まとめ:Kazushi Nakano / autosport web

──誰が乗っているのかを把握しながら見ると面白そうですね。アマチュアドライバーにとって、富士スピードウェイは難しいコースなのでしょうか?

澤:他のWEC開催コースと比べれば、比較的タイム差は生まれづらいコースだと思います。それはセーフティゾーンが広くてリスクに対する難易度が低く、“攻められる”から。速い人なら、プロの1秒落ちくらいで走るんじゃないでしょうか。これが中高速でエスケープゾーンが少ないテクニカルコース、たとえばセブリングやスパ、日本で言ったら鈴鹿などに行くと、もっと大きな差が出ることになると思います。

──3年ぶりの開催ということもあり、富士を初めて走るドライバーもいるかと思います。慣れている人と慣れていない人で、コース上でもっとも差が出るのはどこでしょう?

澤:プロとアマの差が富士で一番出るのは、ダンロップコーナーです。とくにふたつ目(左)。ひとつ目の右を小さく回って、ふたつめ目から13コーナーまでを速く走るのが、うまい人です。慣れていないと、どうしても最初の右で大きく膨らんでしまい、次の左がきつくなる人が多い。あのひとつ目とふたつ目の間は、コースの真ん中に路面の“継ぎ目”があるんですよ。あれに右側のタイヤが乗っていたら、それはひとつ目が大きすぎ。左のタイヤが乗っていたら小さすぎ。ちょうどスロットカーみたいに、あの継ぎ目をセンターにして走れる人が、速いことが多いですね。

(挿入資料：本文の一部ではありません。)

Definition valid_output (I : instance) (m : Mth Sc) (b : list V)
    (J : fact -> Prop) : Prop :=
  (forall f, J f -> matching I m b f) /\
  match mbound Sc m with
  | None => forall f, matching I m b f -> J f
  | Some k => atmost k J /\
      forall j, j <= k -> atleast j (matching I m b) -> atleast j J
  end.

Definition selection := Mth Sc -> list V -> fact -> Prop.

Definition valid_selection (I : instance) (sg : selection) : Prop :=
  forall m b, binding_ok m b -> (forall v, In v b -> adom I v) ->
    valid_output I m b (sg m b).

Fixpoint accpart_i (sg : selection) (i : nat) : fact -> Prop :=
  match i with
  | 0 => fun _ => False
  | S i' => fun f => exists m b, binding_ok m b /\
        (forall v, In v b -> exists g, accpart_i sg i' g /\ In v (snd g)) /\
        sg m b f
  end.

Definition AccPart (sg : selection) : fact -> Prop :=
  fun f => exists i, accpart_i sg i f.

(* atoms over variables (numbered by nat); the query is the existential
   closure of the conjunction of its atoms *)
Definition atom := (Rel Sc * list nat)%type.
Definition BCQ := list atom.

Definition wf_BCQ (Q : BCQ) : Prop :=
  forall at0, In at0 Q -> length (snd at0) = ar Sc (fst at0).

Definition holds (Q : BCQ) (I : instance) : Prop :=
  exists nu : nat -> V, forall at0, In at0 Q -> I (fst at0, map nu (snd at0)).

Definition access_determined (Q : BCQ) : Prop :=
  forall I1 I2 sg1 sg2,
    wf_instance I1 -> wf_instance I2 -> sat_Sigma I1 -> sat_Sigma I2 ->
    valid_selection I1 sg1 -> valid_selection I2 sg2 ->
    (forall f, AccPart sg1 f <-> AccPart sg2 f) ->
    (holds Q I1 <-> holds Q I2).

Definition access_mon_determined (Q : BCQ) : Prop :=
  forall I1 I2 sg1 sg2,
    wf_instance I1 -> wf_instance I2 -> sat_Sigma I1 -> sat_Sigma I2 ->
    valid_selection I1 sg1 -> valid_selection I2 sg2 ->
    (forall f, AccPart sg1 f -> AccPart sg2 f) ->
    (holds Q I1 -> holds Q I2).

End Defs.

(* Collapse every value of I1 that is not sg1-accessible to one value c that
   is not sg2-accessible, and add the resulting facts to I2.  Inclusion
   dependencies survive homomorphic images and unions, and Q survives the
   homomorphism, so the merged instance satisfies the constraints and Q.
   On the merged instance, keep the sg2-outputs of all accesses whose inputs
   are sg2-accessible.  A collapsed fact can match such an access only if
   none of its input values was collapsed; then either sg1 returned all I1
   matches, so the fact is sg1-accessible and already in I2, or sg1 filled
   the result bound with facts that all lie in I2.  Either way the sg2-output
   stays valid, the accessible part is that of (I2, sg2), and
   access-determinacy moves Q from the merged instance to I2.  Such a c
   exists after renaming all values along g n |-> g (2 n), which frees g 1. *)

From Pilot Require Import Defs.
From Stdlib Require Import List Arith Lia Classical ClassicalEpsilon.
Import ListNotations.

Section Outputs.
Set Implicit Arguments.
Context {V : Type} {Sc : Schema V}.
Implicit Types (P : Defs.fact Sc -> Prop) (I : instance Sc).

Lemma atleast_le P j n : j <= n -> atleast n P -> atleast j P.
Proof.
  intros Hjn [l [Hnd [Hl Hin]]]. exists (firstn j l).
  rewrite <- (firstn_skipn j l) in Hnd, Hin.
  split; [|split].
  - eapply NoDup_app_remove_r; eauto.
  - apply firstn_length_le; lia.
  - intros x Hx. apply Hin, in_or_app; auto.
Qed.

Lemma atleast_impl P P' n : (forall x, P x -> P' x) -> atleast n P -> atleast n P'.
Proof. intros H [l [Hnd [Hl Hin]]]. exists l; auto. Qed.

Lemma atleast_or_enum P k :
  atleast k P \/ exists l, NoDup l /\ length l < k /\ forall x, P x <-> In x l.
Proof.
  induction k as [|k [[l [Hnd [Hl Hin]]] | Hfin]].
  - left. exists []. repeat split; [constructor | intros x []].
  - destruct (classic (exists x, P x /\ ~ In x l)) as [[x [Px Hx]] | Hnone].
    + left. exists (x :: l). split; [constructor; auto | split; [simpl; lia|]].
      intros y [<- | Hy]; auto.
    + right. exists l. split; [auto | split; [lia|]].
      intros x. split; [|auto].
      intros Px. apply NNPP. intros Hx. apply Hnone. eauto.
  - right. destruct Hfin as [l [Hnd [Hl Hin]]]. exists l. split; [auto | split; [lia | auto]].
Qed.

Lemma exists_valid_output I m b : exists J, valid_output I m b J.
Proof.
  unfold valid_output. destruct (mbound Sc m) as [k|].
  - destruct (atleast_or_enum (matching I m b) k) as [[l [Hnd [Hl Hin]]] | [l [Hnd [Hl Hin]]]].
    + exists (fun f => In f l). split; [auto | split].
      * exists l. split; [lia | auto].
      * intros j Hj _. apply (atleast_le Hj). exists l; auto.
    + exists (matching I m b). split; [auto | split; [|auto]].
      exists l. split; [lia | apply Hin].
  - exists (matching I m b). split; auto.
Qed.

Lemma valid_output_full_or_atleast I m b J : valid_output I m b J ->
  (forall f, matching I m b f -> J f) \/
  exists k, mbound Sc m = Some k /\ atleast k J.
Proof.
  intros [Hsub Hbound]. destruct (mbound Sc m) as [k|]; [|left; auto].
  destruct Hbound as [_ Hlow].
  destruct (atleast_or_enum (matching I m b) k) as [Hk | [l [Hnd [Hl Hin]]]].
  - right. exists k. auto.
  - left. destruct (Hlow (length l)) as [l' [Hnd' [Hl' Hin']]].
    + lia.
    + exists l. split; [auto | split; [auto | apply Hin]].
    + assert (Hincl : incl l l').
      { apply NoDup_length_incl; [auto | lia |].
        intros x Hx. apply Hin, Hsub, Hin'. auto. }
      intros f Hf. apply Hin', Hincl, Hin. auto.
Qed.

Lemma valid_output_fewer_matches I I' m b J :
  valid_output I m b J ->
  (forall f, matching I' m b f -> matching I m b f) ->
  (forall f, J f -> matching I' m b f) ->
  valid_output I' m b J.
Proof.
  intros [_ Hbound] Hmatch HJ. split; [auto|].
  destruct (mbound Sc m) as [k|]; [|auto].
  destruct Hbound as [Hmost Hlow]. split; [auto|].
  intros j Hj Hj'. apply Hlow; [auto|]. eapply atleast_impl; eauto.
Qed.

Lemma valid_output_saturated I I' m b J k :
  mbound Sc m = Some k -> valid_output I m b J -> atleast k J ->
  (forall f, J f -> matching I' m b f) ->
  valid_output I' m b J.
Proof.
  intros Hk [_ Hbound] HJk HJ. split; [auto|].
  rewrite Hk in *. destruct Hbound as [Hmost _].
  split; [auto|]. intros j Hj _. eapply atleast_le; eauto.
Qed.

End Outputs.

Section AccessiblePart.
Set Implicit Arguments.
Context {V : Type} {Sc : Schema V}.
Implicit Types (sg : selection Sc) (I : instance Sc).

Definition accessible sg (v : V) : Prop := exists f, AccPart sg f /\ In v (snd f).

Lemma accpart_i_succ sg i f : accpart_i sg i f -> accpart_i sg (S i) f.
Proof.
  revert f. induction i as [|i IH]; intros f Hf; [destruct Hf|].
  destruct Hf as [m [b [Hok [Hb Hs]]]]. exists m, b. split; [auto | split; [|auto]].
  intros v Hv. destruct (Hb v Hv) as [g [Hg Hvg]]. exists g. auto.
Qed.

Lemma accpart_i_le sg i j f : i <= j -> accpart_i sg i f -> accpart_i sg j f.
Proof. induction 1; auto using accpart_i_succ. Qed.

Lemma accessible_at_common_stage sg (b : list V) :
  (forall v, In v b -> accessible sg v) ->
  exists n, forall v, In v b -> exists g, accpart_i sg n g /\ In v (snd g).
Proof.
  induction b as [|a b IH]; intros Hb.
  - exists 0. intros v [].
  - destruct IH as [n Hn]; [intros v Hv; apply Hb; right; auto|].
    destruct (Hb a (or_introl eq_refl)) as [g [[i Hi] Hag]].
    exists (n + i). intros v [<- | Hv].
    + exists g. split; [eapply accpart_i_le; [|eauto]; lia | auto].
    + destruct (Hn v Hv) as [g' [Hg' Hvg']]. exists g'.
      split; [eapply accpart_i_le; [|eauto]; lia | auto].
Qed.

Lemma AccPart_output sg m b f :
  binding_ok Sc m b -> (forall v, In v b -> accessible sg v) -> sg m b f ->
  AccPart sg f.
Proof.
  intros Hok Hb Hf. destruct (accessible_at_common_stage _ Hb) as [n Hn].
  exists (S n). exists m, b. auto.
Qed.

Lemma AccPart_sub_instance I sg : valid_selection I sg ->
  forall f, AccPart sg f -> I f.
Proof.
  intros Hsg f [i Hi]. revert f Hi. induction i as [|i IH]; intros f Hf; [destruct Hf|].
  destruct Hf as [m [b [Hok [Hb Hs]]]].
  assert (Hdom : forall v, In v b -> adom I v).
  { intros v Hv. destruct (Hb v Hv) as [g [Hg Hvg]]. exists g. auto. }
  apply (Hsg m b Hok Hdom). auto.
Qed.

Lemma accessible_adom I sg v : valid_selection I sg -> accessible sg v -> adom I v.
Proof.
  intros Hsg [g [Hg Hvg]]. exists g. split; [eapply AccPart_sub_instance|]; eauto.
Qed.

End AccessiblePart.

Section Renaming.
Set Implicit Arguments.
Context {V : Type} {Sc : Schema V}.
Implicit Types (h : V -> V) (P : Defs.fact Sc -> Prop) (I : instance Sc) (Q : BCQ Sc).

Definition rename_fact h (f : Defs.fact Sc) : Defs.fact Sc := (fst f, map h (snd f)).

Definition image h P : Defs.fact Sc -> Prop :=
  fun f => exists f0, P f0 /\ f = rename_fact h f0.

Lemma wf_image h I : wf_instance I -> wf_instance (image h I).
Proof. intros HI f [f0 [Hf0 ->]]. simpl. rewrite length_map. auto. Qed.

Lemma sat_Sigma_image h I : sat_Sigma I -> sat_Sigma (image h I).
Proof.
  intros HI t Ht a [[r a0] [Hf0 Ha]]. injection Ha as Hr Ha. subst r a.
  destruct (HI t Ht a0 Hf0) as [b [Hb Hpos]]. exists (map h b). split.
  - exists (id_head t, b). auto.
  - intros j i Hj Hi. rewrite !nth_error_map, (Hpos j i Hj Hi). reflexivity.
Qed.
From HB Require Import structures.
From mathcomp Require Import all_boot all_order all_algebra.
From mathcomp Require Import all_classical all_reals all_analysis.
From mathcomp Require Import mxtens ring lra.
Import Order.TTheory GRing.Theory Num.Theory numFieldNormedType.Exports.
Local Open Scope ring_scope.
Local Open Scope classical_set_scope.

(* Multiplying the kinetic equation for g_k by eps^2 gives
   v_k D_x rho + sigma_s g_k = O(eps), so in the limit g_k obeys Fick's law
   g_k = -(v_k / sigma_s) D_x rho; inserted into the macroscopic equation, the
   flux <v g> becomes -(<v^2> / sigma_s) D_x rho, which is the limit scheme.
   Stability: test the limit scheme against H rho with H = H_t (x) I_3 (x) H_x.
   The SBP property of Q_t turns the time term into half the difference of the
   final and initial-slice energies, the periodic coupling makes H D_x
   skew-adjoint so the diffusion term is -c |D_x rho|^2 <= 0, and the SAT term
   completes a square with the initial data.
   Consistency: on continuous periodic data the interface blocks of Q^G_x
   supply exactly the boundary term E_x / 2 missing from S_x, so D^G_x acts as
   H_x^-1 Q_x on each element, which is exact on polynomials of degree <= p_x. *)

Lemma big_mxtens (V : nmodType) m n (F : 'I_(m * n) -> V) :
  \sum_k F k = \sum_(a < m) \sum_(b < n) F (mxtens_index (a, b)).
Proof.
rewrite pair_bigA (reindex (@mxtens_index m n)) /=; first by apply: eq_bigr => -[].
exact: onW_bij (Bijective (@mxtens_indexK m n) (@mxtens_unindexK m n)).
Qed.

Lemma tensmx11 (R : pzRingType) m n :
  (1%:M : 'M[R]_m) *t (1%:M : 'M[R]_n) = 1%:M.
Proof.
apply/matrixP => i j.
case: (mxtens_indexP i) => a b; case: (mxtens_indexP j) => c d.
rewrite tensmxE !mxE (can_eq (@mxtens_indexK _ _)) xpair_eqE.
by case: (a == c); case: (b == d); rewrite ?mulr1 ?mulr0.
Qed.

Lemma tensmxDl (R : pzRingType) m n p q (A B : 'M[R]_(m, n)) (C : 'M[R]_(p, q)) :
  (A + B) *t C = A *t C + B *t C.
Proof. by apply/matrixP => i j; rewrite !mxE mulrDl. Qed.

Lemma tensmxNl (R : pzRingType) m n p q (A : 'M[R]_(m, n)) (C : 'M[R]_(p, q)) :
  (- A) *t C = - (A *t C).
Proof. by apply/matrixP => i j; rewrite !mxE mulNr. Qed.

Lemma tensmxNr (R : pzRingType) m n p q (A : 'M[R]_(m, n)) (C : 'M[R]_(p, q)) :
  A *t (- C) = - (A *t C).
Proof. by apply/matrixP => i j; rewrite !mxE mulrN. Qed.

Lemma invmx_tens (R : fieldType) m n (A : 'M[R]_m.+1) (B : 'M[R]_n.+1) :
  A \in unitmx -> B \in unitmx -> invmx (A *t B) = invmx A *t invmx B.
Proof.
move=> uA uB; have uAB : A *t B \in unitmx by exact: tensmx_unit.
by rewrite -[RHS]mulmx1 -(mulmxV uAB) mulmxA tensmx_mul !mulVmx // tensmx11 mul1mx.
Qed.

Definition nneg_diag_mx (R : numDomainType) n (D : 'M[R]_n) : Prop :=
  is_diag_mx D /\ forall i, 0 <= D i i.
Arguments nneg_diag_mx {R n}.

Section NonnegDiagonal.
Variable R : numDomainType.

Lemma nneg_diag_mx1 n : nneg_diag_mx (1%:M : 'M[R]_n).
Proof. by split=> [|i]; rewrite ?scalar_mx_is_diag // mxE ler0n. Qed.

Lemma nneg_diag_tens m n (A : 'M[R]_m) (B : 'M[R]_n) :
  nneg_diag_mx A -> nneg_diag_mx B -> nneg_diag_mx (A *t B).
Proof.
move=> [/is_diag_mxP A0 A_ge0] [/is_diag_mxP B0 B_ge0]; split=> [|k]; last first.
  by case: (mxtens_indexP k) => a b; rewrite tensmxE mulr_ge0.
apply/is_diag_mxP => k l.
case: (mxtens_indexP k) => a b; case: (mxtens_indexP l) => c d.
rewrite val_eqE (can_eq (@mxtens_indexK _ _)) xpair_eqE negb_and tensmxE.
by case/orP => [ac | bd]; [rewrite A0 ?mul0r ?val_eqE | rewrite B0 ?mulr0 ?val_eqE].
Qed.

Lemma nneg_diag_trmx n (D : 'M[R]_n) : nneg_diag_mx D -> D^T = D.
Proof.
move=> [/is_diag_mxP D0 _]; apply/matrixP => i j; rewrite mxE.
have [->|ij] := eqVneq i j; first by [].
by rewrite !D0 // val_eqE // eq_sym.
Qed.

End NonnegDiagonal.

Arguments nneg_diag_mx1 {R n}.
Arguments nneg_diag_tens {R m n A B}.
Arguments nneg_diag_trmx {R n D}.

Definition bform (R : pzRingType) n (M : 'M[R]_n) (x y : 'cV[R]_n) : R :=
  (x^T *m M *m y) 0 0.
Arguments bform {R n}.

Section BilinearForm.
Variable R : comPzRingType.
Implicit Types (n : nat).

Lemma bform_tr n (M : 'M[R]_n) x y : bform M x y = bform M^T y x.
Proof.
transitivity ((x^T *m M *m y)^T 0 0); first by rewrite mxE.
by rewrite !trmx_mul trmxK mulmxA.
Qed.

Lemma bform_mulmx m n (A B : 'M[R]_(m, n)) (M : 'M[R]_m) x y :
  bform (A^T *m M *m B) x y = bform M (A *m x) (B *m y).
Proof. by rewrite /bform trmx_mul !mulmxA. Qed.

Lemma bform_mulmxr n (M A : 'M[R]_n) x y : bform M x (A *m y) = bform (M *m A) x y.
Proof. by rewrite /bform !mulmxA. Qed.

Lemma bformDl n (M N : 'M[R]_n) x y : bform (M + N) x y = bform M x y + bform N x y.
Proof. by rewrite /bform mulmxDr mulmxDl mxE. Qed.

Lemma bformNl n (M : 'M[R]_n) x y : bform (- M) x y = - bform M x y.
Proof. by rewrite /bform mulmxN mulNmx mxE. Qed.

Lemma bformBl n (M : 'M[R]_n) x y z : bform M (x - y) z = bform M x z - bform M y z.
Proof. by rewrite /bform linearB /= !mulmxBl mxE [X in _ + X]mxE. Qed.

Lemma bformBr n (M : 'M[R]_n) x y z : bform M x (y - z) = bform M x y - bform M x z.
Proof. by rewrite /bform mulmxBr mxE [X in _ + X]mxE. Qed.

Lemma bformZr n (M : 'M[R]_n) a x y : bform M x (a *: y) = a * bform M x y.
Proof. by rewrite /bform -scalemxAr mxE. Qed.

End BilinearForm.

Lemma bform_nneg_diag_ge0 (R : realDomainType) n (D : 'M[R]_n) x :
  nneg_diag_mx D -> 0 <= bform D x x.
Proof.
move=> [/is_diag_mxP D0 D_ge0]; rewrite /bform mxE; apply: sumr_ge0 => k _.
rewrite mxE (bigD1 k) //= big1 => [|l lk]; last by rewrite D0 ?mulr0 // val_eqE.
by rewrite addr0 !mxE mulrAC mulr_ge0 // -expr2 sqr_ge0.
Qed.
Arguments bform_nneg_diag_ge0 {R n D}.
(* Let $\Xi$ be smooth with $\Xi(0,0,0,0)=0$ and $\frac{\partial\Xi}{\partial\psi}(0,0,0,0)<0$, and let $T>0$. There exist $C_\Xi>0$ and $\varepsilon_2>0$ such that if $\omega_{1i}(t,\psi),\omega_{2i}(t,\psi)$ ($i=1,2,3$) are $C^1$ functions, $T$-periodic in $t$, with $\|\omega_{1i}\|_{C^1}\le\varepsilon_2$ and $\|\omega_{2i}\|_{C^1}\le\varepsilon_2$, and $\psi_1^*,\psi_2^*$ are the $T$-periodic solutions of $\psi_j'(t)=\Xi(\psi_j(t),\omega_{j1}(t,\psi_j(t)),\omega_{j2}(t,\psi_j(t)),\omega_{j3}(t,\psi_j(t)))$, $j=1,2$, then $$\|\psi_1^*-\psi_2^*\|\le(1+C_\Xi T\varepsilon_2)\exp(\Xi_{\psi,0}T)\frac1{\Xi_{\psi,0}}\sum_{i=1}^3\Xi_{\omega_{i,0}}\|\omega_{1i}-\omega_{2i}\|,$$ $$\|\psi_1^{*\prime}-\psi_2^{*\prime}\|\le(1+C_\Xi T\varepsilon_2)\exp(\Xi_{\psi,0}T)\sum_{i=1}^3\Xi_{\omega_{i,0}}\|\omega_{1i}-\omega_{2i}\|+(1+C_\Xi\varepsilon_2)\sum_{i=1}^3\Xi_{\omega_{i,0}}\|\omega_{1i}-\omega_{2i}\|.$$
   Context: $\|\cdot\|$ denotes the sup ($C^0$) norm. $\Xi_{\psi,0}=\big|\frac{\partial\Xi}{\partial\psi}(0,0,0,0)\big|$ and $\Xi_{\omega_{i,0}}=1+\big|\frac{\partial\Xi}{\partial\omega_i}(0,0,0,0)\big|$ for $i=1,2,3$. For small $C^1$ data each such equation has a unique $T$-periodic solution near $0$. *)

From Stdlib Require Import Reals List.
From Coquelicot Require Import Coquelicot.
Open Scope R_scope.

(* Points of R^n are represented as nat -> R (coordinates 0..n-1 used). *)
Definition upd (p : nat -> R) (i : nat) (x : R) : nat -> R :=
  fun j => if Nat.eqb j i then x else p j.

Definition pderiv (i : nat) (g : (nat -> R) -> R) : (nat -> R) -> R :=
  fun p => Derive (fun x => g (upd p i x)) (p i).

Definition iter_pderiv (l : list nat) (g : (nat -> R) -> R) : (nat -> R) -> R :=
  fold_right pderiv g l.

Definition cont_n (n : nat) (g : (nat -> R) -> R) : Prop :=
  forall p eps, 0 < eps -> exists delta, 0 < delta /\
    forall q, (forall j, (j < n)%nat -> Rabs (q j - p j) < delta) ->
      Rabs (g q - g p) < eps.

Definition smooth_n (n : nat) (g : (nat -> R) -> R) : Prop :=
  forall l : list nat, List.Forall (fun i => (i < n)%nat) l ->
    cont_n n (iter_pderiv l g) /\
    (forall i p, (i < n)%nat ->
       ex_derive (fun x => iter_pderiv l g (upd p i x)) (p i)).

Definition lift4 (Xi : R -> R -> R -> R -> R) : (nat -> R) -> R :=
  fun p => Xi (p 0%nat) (p 1%nat) (p 2%nat) (p 3%nat).

Definition smooth4 (Xi : R -> R -> R -> R -> R) : Prop := smooth_n 4 (lift4 Xi).

Definition origin : nat -> R := fun _ => 0.

(* partial derivative of Xi in its i-th argument (0 = psi, 1..3 = omega_i)
   at (0,0,0,0) *)
Definition dXi0 (Xi : R -> R -> R -> R -> R) (i : nat) : R :=
  pderiv i (lift4 Xi) origin.

Definition Xi_psi0 (Xi : R -> R -> R -> R -> R) : R := Rabs (dXi0 Xi 0).
Definition Xi_om0 (Xi : R -> R -> R -> R -> R) (i : nat) : R := 1 + Rabs (dXi0 Xi i).

Definition cont2 (w : R -> R -> R) : Prop :=
  forall t x, continuous (fun p : R * R => w (fst p) (snd p)) (t, x).

Definition dt (w : R -> R -> R) : R -> R -> R := fun t x => Derive (fun s => w s x) t.
Definition dpsi (w : R -> R -> R) : R -> R -> R := fun t x => Derive (fun y => w t y) x.

Definition C1_2 (w : R -> R -> R) : Prop :=
  cont2 w /\
  (forall t x, ex_derive (fun s => w s x) t) /\
  (forall t x, ex_derive (fun y => w t y) x) /\
  cont2 (dt w) /\ cont2 (dpsi w).

Definition C1_norm_le (w : R -> R -> R) (e : R) : Prop :=
  forall t x, Rabs (w t x) <= e /\ Rabs (dt w t x) <= e /\ Rabs (dpsi w t x) <= e.

Definition periodic2 (T : R) (w : R -> R -> R) : Prop :=
  forall t x, w (t + T) x = w t x.

Definition periodic1 (T : R) (f : R -> R) : Prop :=
  forall t, f (t + T) = f t.

Definition supnorm1 (f : R -> R) : R :=
  real (Lub_Rbar (fun y => exists t, y = Rabs (f t))).
Definition supnorm2 (f : R -> R -> R) : R :=
  real (Lub_Rbar (fun y => exists t x, y = Rabs (f t x))).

ダンロップコーナーは、路面の継ぎ目の真上を走るのが“正解”(写真は2022年スーパーフォーミュラ第6戦富士での大湯都史樹)
ダンロップコーナーは、路面の継ぎ目の真上を走るのが“正解”(写真は2022年スーパーフォーミュラ第6戦富士での大湯都史樹)

──さすが、細かい……。その後の最終セクションも難しそうですが。

澤:あそこはもう、みんなが難しいと知っているので、逆にあまり差が出ないんですよ。もっとマニアックに差が出るところを挙げるなら、1コーナー(TGRコーナー)のブレーキングですね。

──たしかに約1.5kmの直線を走ってきて、最高速からのブレーキのタイミングは難しそうです。

澤:それもそうなのですが、僕が見るのは進入のラインです。富士のストレートって、ずっと直線ではなくて、最後はほんの少し左に折れてるんですよね。うまい人はあそこでコース幅いっぱいを使うように、きっちり一番左に寄ってブレーキングします。それをしないでストレートをまっすぐ走ってきたままアプローチすると、コーナリングが少し窮屈になってしまう。スポーツ走行を見ていても、この1コーナーのブレーキングでだいたい分かりますね。

──さらに細かい……。

澤:そういったこともかき集めて走ろうとしている人かどうか、が分かるわけです。WECのレベルになれば、レース中にはもうみんな気づいているかもしれませんが、フリープラクティスのタイミングでダンロップや1コーナーに行ってみると、そういった違いを目にできるかもしれませんね。

富士スピードウェイのホームストレートエンドは、少し左にキンクしている。
富士スピードウェイのホームストレートエンドは、少し左にキンクしている。